At block 770, the behavior prediction system 110 can evaluate the various classifications of the characters included in the one or more digital documents to determine whether or not a document has been manipulated. In some implementations, if a single character is classified as manipulated, then at block 770 the entire set of one or more digital documents can be treated as if they were manipulated. In other implementations, if the number of characters that are classified as manipulated is equal to or above a threshold number, then the behavior prediction system 110 can deny the request received from the user. If, however, the number of characters that are classified as manipulated is below the threshold number, then the behavior prediction system 110 can continue to process or evaluate the request from the user. In this example, the behavior prediction system 110 can treat the characters that are classified as manipulated as anomalous, but not digitally manipulated (e.g., apparently manipulated due to low quality printing or scanning).
The foregoing description of the embodiments, including illustrated embodiments, has been presented only for the purpose of illustration and description and is not intended to be exhaustive or limiting to the precise forms disclosed. Numerous modifications, adaptations, and uses thereof will be apparent to those skilled in the art.
Claims
1. A computer-implemented method, comprising:
- accessing, by one or more processors, a digital document that includes a plurality of characters;
- defining, by the one or more processors, a bounding box surrounding each character of the plurality of characters;
- generating, by the one or more processors, a graph representing a character of the plurality of characters, the graph including a set of nodes, and each node of the set of nodes corresponding to one of the bounding boxes defined in the digital document;
- extracting, by the one or more processors, one or more features for each node of the set of nodes of the graph;
- combining, by the one or more processors, the one or more features for each node of the set of nodes of the graph into a single vector representation; and
- determining, by one or more processors and based on the single vector representation, a classification of the character as manipulated or not manipulated.
2. The computer-implemented method of claim 1, wherein generating the graph representing the character further comprises:
- defining a central node of the set of nodes of the graph, the central node corresponding to a bounding box surrounding the character; and
- defining a plurality of neighboring nodes of the set of nodes of the graph, each neighboring node of the plurality of neighboring nodes corresponding to a bounding box surrounding another character of the plurality of characters.
3. The computer-implemented method of claim 1, wherein generating the graph representing the character further comprises:
- identifying a first y-axis value of a first bounding box in the digital document, the first bounding box surrounding the character;
- identifying a second y-axis value of a second bounding box surrounding another character of the plurality of characters;
- comparing the first y-axis value and the second y-axis value; and
- determining that the first bounding box and the second bounding box are located on a same line of characters based on a result of the comparison.

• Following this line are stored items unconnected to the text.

Lemma bwd_slopeB h k t a b : bwd_slope h t a -> bwd_slope k t b ->
  bwd_slope (fun x => h x - k x) t (a - b).
Proof.
move=> [e1 e1p H1] [e2 e2p H2]; have [m mp [m1 m2]] := common_pos_bound e1p e2p.
exists m => // x /andP[x0 xm].
by rewrite H1 ?H2 ?intrB; [ring | lra..].
Qed.

Lemma eq_fwd_slope h k t a : h =1 k -> fwd_slope h t a -> fwd_slope k t a.
Proof. by move=> hk [e ep H]; exists e => // x xe; rewrite -!hk H. Qed.

Lemma eq_bwd_slope h k t a : h =1 k -> bwd_slope h t a -> bwd_slope k t a.
Proof. by move=> hk [e ep H]; exists e => // x xe; rewrite -!hk H. Qed.

Lemma fwd_slope_reflect h L t a :
  bwd_slope h (L - t) a -> fwd_slope (fun x => h (L - x)) t a.
Proof. by move=> [e ep H]; exists e => // x xe; rewrite -H //; congr h; ring. Qed.

Lemma bwd_slope_reflect h L t a :
  fwd_slope h (L - t) a -> bwd_slope (fun x => h (L - x)) t a.
Proof. by move=> [e ep H]; exists e => // x xe; rewrite -H //; congr h; ring. Qed.

End Slopes.

Section BalancedSlopes.
Variables (R : realType) (h : R -> R) (a : int).

Lemma affine_bwd_slope (c T : R) (b : int) : 0 < T ->
  (forall u, 0 <= u < T -> h u = c + a%:~R * u) -> bwd_slope h T b ->
  h T = c + a%:~R * T /\ b = - a.
Proof.
move=> T0 Hlt [e ep H]; have [m mp [me mT]] := common_pos_bound ep T0.
suff [-> ->] : b = - a /\ h T = c + a%:~R * T by [].
have at_left x : 0 < x < m -> h T + b%:~R * x = (c + a%:~R * T) + (- a)%:~R * x.
  by move=> xm; rewrite -H ?Hlt ?intrN; [ring | lra..].
by apply: (@int_affine_inj _ _ _ _ _ (m / 2) (m / 4)); [lra | apply: at_left; lra..].
Qed.

Lemma affine_fwd_extend (c T : R) : 0 <= T ->
  (forall u, 0 <= u <= T -> h u = c + a%:~R * u) -> fwd_slope h T a ->
  exists2 d : R, 0 < d & forall u, 0 <= u < T + d -> h u = c + a%:~R * u.
Proof.
move=> T0 Hle [d dp H]; exists d => // u /andP[u0 uTd].
have [uT|Tu] := leP u T; first by rewrite Hle ?u0.
have -> : u = T + (u - T) by ring.
by rewrite H ?Hle; [ring | lra..].
Qed.

Lemma balanced_slopes_affine (L : R) : 0 < L -> fwd_slope h 0 a ->
  (forall t, 0 < t < L -> exists s, fwd_slope h t s /\ bwd_slope h t (- s)) ->
  (exists b, bwd_slope h L b) ->
  forall t, 0 <= t <= L -> h t = h 0 + a%:~R * t.
Proof.
move=> L0 slope0 balanced [bL slopeL].
(* T is the supremum of the points up to which h is affine; the slope balance
   at T lets the affine piece be continued past T, so T = L. *)
pose A t := 0 <= t <= L /\ forall u, 0 <= u <= t -> h u = h 0 + a%:~R * u.
have A0 : A 0.
  rewrite /A; split=> [|u u0]; first lra.
  have -> : u = 0 by lra.
  by rewrite mulr0 addr0.
have supA : classical_sets.has_sup A by split; [exists 0 | exists L => x [? _]; lra].
pose T := sup A.
have T0 : 0 <= T := sup_upper_bound supA A0.
have TL : T <= L.
  rewrite leNgt; apply/negP => LT; have TL0 : 0 < T - L by lra.
  by have [x [? _]] := sup_adherent TL0 supA; rewrite /T in LT *; lra.
have affine_lt u : 0 <= u < T -> h u = h 0 + a%:~R * u.
  move=> uT; have Tu0 : 0 < T - u by lra.
  have [x [_ Hx] ux] := sup_adherent Tu0 supA.
  by apply: Hx; rewrite /T in ux; lra.
have bwd_T b : 0 < T -> bwd_slope h T b -> h T = h 0 + a%:~R * T /\ b = - a.
  by move=> Tp; apply: affine_bwd_slope.
have affine_le u : 0 <= u <= T -> h u = h 0 + a%:~R * u.
  move=> uT; have [uT'|] := ltP u T; first by apply: affine_lt; lra.
  move=> Tu; have -> : u = T by lra.
  have [->|Tp] := eqVneq T 0; first by rewrite mulr0 addr0.
  have {}Tp : 0 < T by lra.
  have [TeL|TneL] := eqVneq T L.
    by move: slopeL; rewrite -TeL => /(bwd_T _ Tp) [].
  have [s [_ Hs]] : exists s, fwd_slope h T s /\ bwd_slope h T (- s).
    by apply: balanced; rewrite Tp lt_neqAle TneL TL.
  by have [] := bwd_T _ Tp Hs.
have fwd_T : T < L -> fwd_slope h T a.
  move=> TL'; have [->|Tp] := eqVneq T 0; first exact: slope0.
  have {}Tp : 0 < T by lra.
  have [s [Hf Hb]] : exists s, fwd_slope h T s /\ bwd_slope h T (- s).
    by apply: balanced; rewrite Tp TL'.
  by have [_ /oppr_inj <-] := bwd_T _ Tp Hb.
have TeqL : T = L.
  apply/eqP; rewrite eq_le TL /= leNgt; apply/negP => TL'.
  have [d dp Hd] := affine_fwd_extend T0 affine_le (fwd_T TL').
  have LT0 : 0 < L - T by lra.
  have [m mp [md mL]] := common_pos_bound dp LT0.
  have : A (T + m / 2) by split=> [|u um]; [lra | apply: Hd; lra].
  by move/(sup_upper_bound supA); rewrite -/T; lra.
by move=> t tL; apply: affine_le; rewrite TeqL.
Qed.

End BalancedSlopes.

Section Laplacian.
Variables (R : realType) (G : tcurve R).
Implicit Types (f g : rpoint G -> R) (D : rpoint G -> int).

Lemma edge_funB f g e t :
  edge_fun (fun p => f p - g p) e t = edge_fun f e t - edge_fun g e t.
Proof.
by rewrite /edge_fun; case: (t == 0) => //; case: (len e) => // L; case: (t == L).
Qed.

Lemma end_slopeB f g e a b : end_slope f e a -> end_slope g e b ->
  end_slope (fun p => f p - g p) e (a - b).
Proof.
rewrite /end_slope; case: (len e) => [L|] => [Hf Hg|[-> [Mf Hf]] [-> [Mg Hg]]].
  by apply: eq_bwd_slope (bwd_slopeB Hf Hg) => t; rewrite edge_funB.
split=> //; exists (Num.max Mf Mg) => t; rewrite gt_max => /andP[tf tg].
by rewrite edge_funB Hf ?Hg.
Qed.

Lemma laplacian_eqB f g Df Dg : laplacian_eq f Df -> laplacian_eq g Dg ->
  laplacian_eq (fun p => f p - g p) (fun p => Df p - Dg p).
Proof.
move=> Hf Hg [v|e t] vp; move: (Hf _ vp) (Hg _ vp) => /=.
  move=> [sf [Sf1 [Sf2 ->]]] [sg [Sg1 [Sg2 ->]]].
  exists (fun e => ((sf e).1 - (sg e).1, (sf e).2 - (sg e).2)); split; [|split].
  - move=> e ev; apply: eq_fwd_slope (fwd_slopeB (Sf1 e ev) (Sg1 e ev)) => x.
    by rewrite edge_funB.
  - by move=> e ev; apply: end_slopeB; [apply: Sf2 | apply: Sg2].
  - by rewrite -sumrB; apply: eq_bigr => e _ /=; ring.
move=> [sf1 [sf2 [Ff Bf ->]]] [sg1 [sg2 [Fg Bg ->]]].
exists (sf1 - sg1), (sf2 - sg2); split; last by ring.
- by apply: eq_fwd_slope (fwd_slopeB Ff Fg) => x; rewrite edge_funB.
- by apply: eq_bwd_slope (bwd_slopeB Bf Bg) => x; rewrite edge_funB.
Qed.

Lemma eq_laplacian_eq f D D' : (forall p, valid p -> D p = D' p) ->
  laplacian_eq f D -> laplacian_eq f D'.
Proof. by move=> DD' Hf [v|e t] vp; move: (Hf _ vp); rewrite DD'. Qed.

End Laplacian.

Section RealStructure.
Variables (R : realType) (G : tcurve R) (s : real_str G).
Implicit Types (f : rpoint G -> R) (D : rpoint G -> int).

Lemma rs_mapK : involutive (rs_map s).
Proof.
case=> [v|e t] /=; first by rewrite sV_inv.
rewrite sE_inv flip_sE len_sE; case: (flip s e) => //.
by case: (len e) => // L; rewrite opprB addrC subrK.
Qed.

Lemma valid_rs_map p : valid p -> valid (rs_map s p).
Proof.
case: p => [v|e t] //=; rewrite /in_edge len_sE.
by case: (flip s e) => //; case: (len e) => // L /andP[t0 tL]; apply/andP; split; lra.
Qed.

Lemma edge_fun_rs_map f e : ~~ flip s e ->
  edge_fun (fun p => f (rs_map s p)) e =1 edge_fun f (sE s e).
Proof.
move=> nf t; have := ends_sE s e.
by rewrite /edge_fun len_sE /= (negbTE nf) => -[-> ->].
Qed.

Lemma edge_fun_rs_map_flip f e L : flip s e -> len e = Some L ->
  edge_fun (fun p => f (rs_map s p)) e =1 (fun t => edge_fun f (sE s e) (L - t)).
Proof.
move=> fl eL t; have := ends_sE s e; rewrite /edge_fun /= len_sE eL fl => -[-> ->].
have L0 : L != 0 by rewrite gt_eqF // (len_pos eL).
have [->|t0] := eqVneq t 0; first by rewrite subr0 eqxx (negbTE L0).
have [->|tL] := eqVneq t L; first by rewrite subrr eqxx.
have -> : (L - t == 0) = false by rewrite subr_eq0 eq_sym (negbTE tL).
suff -> : (L - t == L) = false by [].
by apply/negbTE; apply: contra t0; rewrite -subr_eq0 addrAC subrr sub0r oppr_eq0.
Qed.

Lemma fwd_slope_rs_map_flip f e L t a : flip s e -> len e = Some L ->
  bwd_slope (edge_fun f (sE s e)) (L - t) a ->
  fwd_slope (edge_fun (fun p => f (rs_map s p)) e) t a.
Proof.
move=> fl eL /fwd_slope_reflect; apply: eq_fwd_slope => x.
by rewrite (edge_fun_rs_map_flip _ fl eL).
Qed.

Lemma bwd_slope_rs_map_flip f e L t a : flip s e -> len e = Some L ->
  fwd_slope (edge_fun f (sE s e)) (L - t) a ->
  bwd_slope (edge_fun (fun p => f (rs_map s p)) e) t a.
Proof.
move=> fl eL /bwd_slope_reflect; apply: eq_bwd_slope => x.
by rewrite (edge_fun_rs_map_flip _ fl eL).
Qed.

Lemma end_slope_rs_map f e a : ~~ flip s e ->
  end_slope f (sE s e) a -> end_slope (fun p => f (rs_map s p)) e a.
Proof.
move=> nf; rewrite /end_slope len_sE; case: (len e) => [L|].
  by apply: eq_bwd_slope => x; rewrite edge_fun_rs_map.
move=> [-> [M HM]]; split=> //; exists M => t tM.
by rewrite edge_fun_rs_map // HM //; have := ends_sE s e; rewrite (negbTE nf) => -[_ ->].
Qed.

Lemma laplacian_eq_rs_map f D : laplacian_eq f D ->
  laplacian_eq (fun p => f (rs_map s p)) (fun p => D (rs_map s p)).
Proof.
move=> Hf [v|e t] vp; have := Hf _ (valid_rs_map vp); last first.
  move=> /= [s1 [s2 [F B ->]]]; case fl: (flip s e) F B => F B; last first.
    have E := edge_fun_rs_map f (negbT fl).
    by exists s1, s2; split;
      [exact: eq_fwd_slope (fsym E) F | exact: eq_bwd_slope (fsym E) B |].
  case eL: (len e) F B => [L|] F B; last by case: (flip_fin fl eL).
  exists s2, s1; split; last exact: addrC.
  - exact: fwd_slope_rs_map_flip B.
  - exact: bwd_slope_rs_map_flip F.
move=> /= [sw [Sw1 [Sw2 ->]]].
(* A flipped edge runs through its image backwards, exchanging its end slopes. *)
pose sf e := if flip s e then ((sw (sE s e)).2, (sw (sE s e)).1) else sw (sE s e).
exists sf; split; [|split].
- move=> e ev; rewrite /sf; have := ends_sE s e; case fl: (flip s e) => -[Hs Ht].
    case eL: (len e) => [L|]; last by case: (flip_fin fl eL).
    apply: (fwd_slope_rs_map_flip fl eL); rewrite subr0.
    by have := Sw2 (sE s e); rewrite /end_slope len_sE eL Ht ev; apply.
  by apply: eq_fwd_slope (Sw1 _ _) => [x|]; rewrite ?edge_fun_rs_map ?fl ?Hs ?ev.
- move=> e ev; rewrite /sf; have := ends_sE s e; case fl: (flip s e) => -[Hs Ht].
    case eL: (len e) => [L|]; last by case: (flip_fin fl eL).
    rewrite /end_slope eL; apply: (bwd_slope_rs_map_flip fl eL); rewrite subrr.
    by apply: Sw1; rewrite Hs ev.
  by apply: end_slope_rs_map; [rewrite fl | apply: Sw2; rewrite Ht ev].
rewrite (reindex_inj (inv_inj (sE_inv s))); apply: eq_bigr => e _.
rewrite /sf; have := ends_sE s e; case: (flip s e) => -[-> ->];
  rewrite !(inj_eq (inv_inj (sV_inv s))) /=; [exact: addrC | by []].
Qed.

End RealStructure.

Definition net_flow (R : realType) (G : tcurve R) (a : E G -> int) (v : V G) : int :=
  \sum_e ((src e == v)%:R * a e - (tgt e == v)%:R * a e).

4. The computer-implemented method of claim 1, wherein extracting the one or more features for each node of the set of nodes of the graph further comprises:
- determining the one or more features of a given node, wherein each feature of the one or more features of the given node is determined by executing one or more techniques from amongst a plurality of techniques, and the plurality of techniques including: a first technique for determining a height or width of the character based on a height or width of the bounding box surrounding the character; a second technique for determining a y-value difference between the bounding box surrounding the character and a bounding box surrounding another character; a third technique for determining a distance between the bounding box surrounding the character and the bounding box surrounding the other character; a fourth technique for determining one or more Hu moments of the character contained within the bounding box; and a fifth technique for determining a principal inertia axis associated with the bounding box surrounding the character.
5. The computer-implemented method of claim 4, wherein determining the one or more features for the given node further comprises:
- determining the principal inertia axis by inputting at least Hu moment of the one or more Hu moments into a singular value decomposition (SVD) model.
6. The computer-implemented method of claim 1, further comprising:
- iterating through the plurality of characters detected in the digital document over a plurality of iterations, wherein iterating through the plurality of characters includes: generating the graph for each character of the plurality of characters; evaluating the graph for each character of the plurality of characters; and classifying each character of the plurality of characters as manipulated or not manipulated;
- identifying a number of characters that have been classified as manipulated; and
- determining whether the digital document has been manipulated based on the number of characters classified as manipulated and a threshold.
7. The computer-implemented method of claim 1, further comprising inputting the single vector representation into a random forest model to determine the classification.
8. A system, comprising:
- one or more processors; and
- a non-transitory computer-readable medium communicatively coupled to the one or more processors and storing program code that is executable by the one or more processors to perform operations including: accessing a digital document that includes a plurality of characters; defining a bounding box surrounding each character of the plurality of characters; generating a graph representing a character of the plurality of characters, the graph including a set of nodes, and each node of the set of nodes corresponding to one of the bounding boxes defined in the digital document; extracting one or more features for each node of the set of nodes of the graph; combining the one or more features for each node of the set of nodes of the graph into a single vector representation; and determining, based on the single vector representation, a classification of the character as manipulated or not manipulated.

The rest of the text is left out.